Over a week ago the Web Services Contract First (WSCF) project announced the "blue" version which supports WCF.  WSCF is a great tool that saved my butt on a large integration project with one of our fine 3-letter agencies a few years back.  The tool boasts the ability to take a WSDL and Schema files and turn them into C# or VB code.  When I saw the new release I had to give it a try.

My first run went smooth but I noted the WSCF tool generated the service contract interface type without the "I" prefix.  I reported this to the team and they promptly fixed it and even tried it against the DOJ LEXS WSDLs that I was working on.  Many thanks to Christian Weyer and Alex Meyer-Gleaves for responding so quickly.

In the government data sharing space there is a lot of contract first development happening.  The NIEM IEPD process encourages developing both the business need and data schemas before you begin coding the exchange.  I think this is a great approach to take and helps everyone from the business analysts to the technical analysts understand the exchange, the data to be exchanged, and the overall process. 

Having an open source tool like WSCF is a great addition to your toolbox when interop is key.

As I migrated a soon-to-be-released open source project to it’s new solution I used WSCF to generate all the classes and service stub.  The following are some tips I have when you are using WCF + XmlSerializer; these really have nothing to do with WSCF, you will get the same if you use SvcUtil directly.  That said I think WSCF generates the classes from the schemas with a lot less effort and actually better than Svcutil directly.

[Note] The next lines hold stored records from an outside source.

(* Let $D$ be an integer which is not a perfect square, let $A,B\in\mathbb{Z}$ be such that $S^{(D;A,B)}$ is smooth, and let $p\neq 2$ be a prime which is unramified in $\mathbb{Q}(\sqrt{D})/\mathbb{Q}$. Then there is a point $\mathbf{t}\in S^{(D;A,B)}(\mathbb{Q}_p)$ with $\mathrm{ev}_{\alpha,p}(\mathbf{t})=0$.
   Context: $S^{(D;A,B)}\subset\mathbb{P}^4_{\mathbb{Q}}$ is defined by $t_0t_1=t_2^2-Dt_3^2$ and $(t_0+At_1)(t_0+Bt_1)=t_2^2-Dt_4^2$; it is smooth iff $AB\neq0$, $A\neq B$, $A^2-2AB+B^2-2A-2B+1\neq 0$. For a smooth such surface, a place $l$ of $\mathbb{Q}$ and $\mathbf{t}\in S^{(D;A,B)}(\mathbb{Q}_l)$, at least one of the quotients $t_0/(t_0+At_1)$, $t_1/(t_0+At_1)$, $t_0/(t_0+Bt_1)$, $t_1/(t_0+Bt_1)$ is defined and nonzero at $\mathbf{t}$; for such a quotient $q$ one sets $\mathrm{ev}_{\alpha,l}(\mathbf{t})=0$ if the Hilbert symbol $(q,D)_l=1$ and $\mathrm{ev}_{\alpha,l}(\mathbf{t})=1/2$ if $(q,D)_l=-1$. This value is known to be independent of the choice of $q$ (it is the local evaluation of a Brauer class $\alpha\in\mathrm{Br}\,S^{(D;A,B)}$). *)

(* Q_p is modelled concretely: Z_p = compatible sequences of
   integers (inverse limit of Z/p^k Z); points of P^4(Q_p) are represented by
   representatives in Z_p^5 (not all zero), as every point of P^4(Q_p) has one. *)
From mathcomp Require Import all_boot all_algebra.
Set Implicit Arguments. Unset Strict Implicit. Unset Printing Implicit Defensive.
Import GRing.Theory Num.Theory.
Local Open Scope ring_scope.

(* A sequence of integers x k, read as a residue mod p^k. *)
Definition zseq := nat -> int.

Definition is_zp (p : nat) (x : zseq) : Prop :=
  forall k : nat, (x k.+1 == x k %[mod (expn p k)%:Z])%Z.

Definition zp_eq (p : nat) (x y : zseq) : Prop :=
  forall k : nat, (x k == y k %[mod (expn p k)%:Z])%Z.

Definition zp_zero (p : nat) (x : zseq) : Prop := zp_eq p x (fun _ => 0).

Definition zcst (c : int) : zseq := fun _ => c.
Definition zadd (x y : zseq) : zseq := fun k => x k + y k.
Definition zmul (x y : zseq) : zseq := fun k => x k * y k.

Definition on_S (p : nat) (D A B : int) (t0 t1 t2 t3 t4 : zseq) : Prop :=
  zp_eq p (fun k => t0 k * t1 k) (fun k => t2 k ^+ 2 - D * t3 k ^+ 2) /\
  zp_eq p (fun k => (t0 k + A * t1 k) * (t0 k + B * t1 k))
          (fun k => t2 k ^+ 2 - D * t4 k ^+ 2).

Definition S_point_Qp (p : nat) (D A B : int) (t0 t1 t2 t3 t4 : zseq) : Prop :=
  [/\ is_zp p t0, is_zp p t1, is_zp p t2, is_zp p t3 & is_zp p t4] /\
  ~ [/\ zp_zero p t0, zp_zero p t1, zp_zero p t2, zp_zero p t3 & zp_zero p t4] /\
  on_S p D A B t0 t1 t2 t3 t4.

(* Hilbert symbol (f/g, b)_p = 1 for f, g, b in Z_p \ {0}: by definition,
   z^2 = (f/g) x^2 + b y^2 has a nontrivial solution in Q_p; after clearing the
   denominator g and scaling the solution into Z_p this reads
   g z^2 = f x^2 + g b y^2 with (x,y,z) in Z_p^3 not all zero. *)
Definition hilbert_quot_one (p : nat) (f g b : zseq) : Prop :=
  exists x y z : zseq,
    [/\ is_zp p x, is_zp p y & is_zp p z] /\
    ~ [/\ zp_zero p x, zp_zero p y & zp_zero p z] /\
    zp_eq p (fun k => g k * z k ^+ 2)
            (fun k => f k * x k ^+ 2 + g k * b k * y k ^+ 2).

Tips for WCF + XmlSerializer

Tip 1: For types that are marked with a MessageContractAttribute and IsWrapped=True, if you inherit from a base class that exposes a public XmlSerializerNamespaces property the namespaces are not properly serialized.  XmlSerializerNamespaces are used when you want to control the namespace prefixing and output during serialization.  This is accomplished by creating a public field with the name "xmlns" and marking it up with the XmlNamespaceDeclarationAttribute.  The XmlSerializer uses the presence of this field to output the Xml Namespaces and the associated prefixes within the element from the object in the object graph where the attribute was applied.

Tip 2: If you have a class marked with the MessageContractAttribute and you inherit from a base class within that class then the base class must also be marked with the MessageContract attribute.  WCF gives you a nice error message explaining this because it is unable to start the service.

Tip 3: In some cases both SvcUtil and WSCF generate ReplyAction="*" on the WSDL.  This could potentially make it fail in an interop scenario.  Not exactly sure what causes that but in any case, if you have trouble then remove that from the service contract.  A tell tale sign is that when you view the WSDL page for your service you do not see any of the operations listed.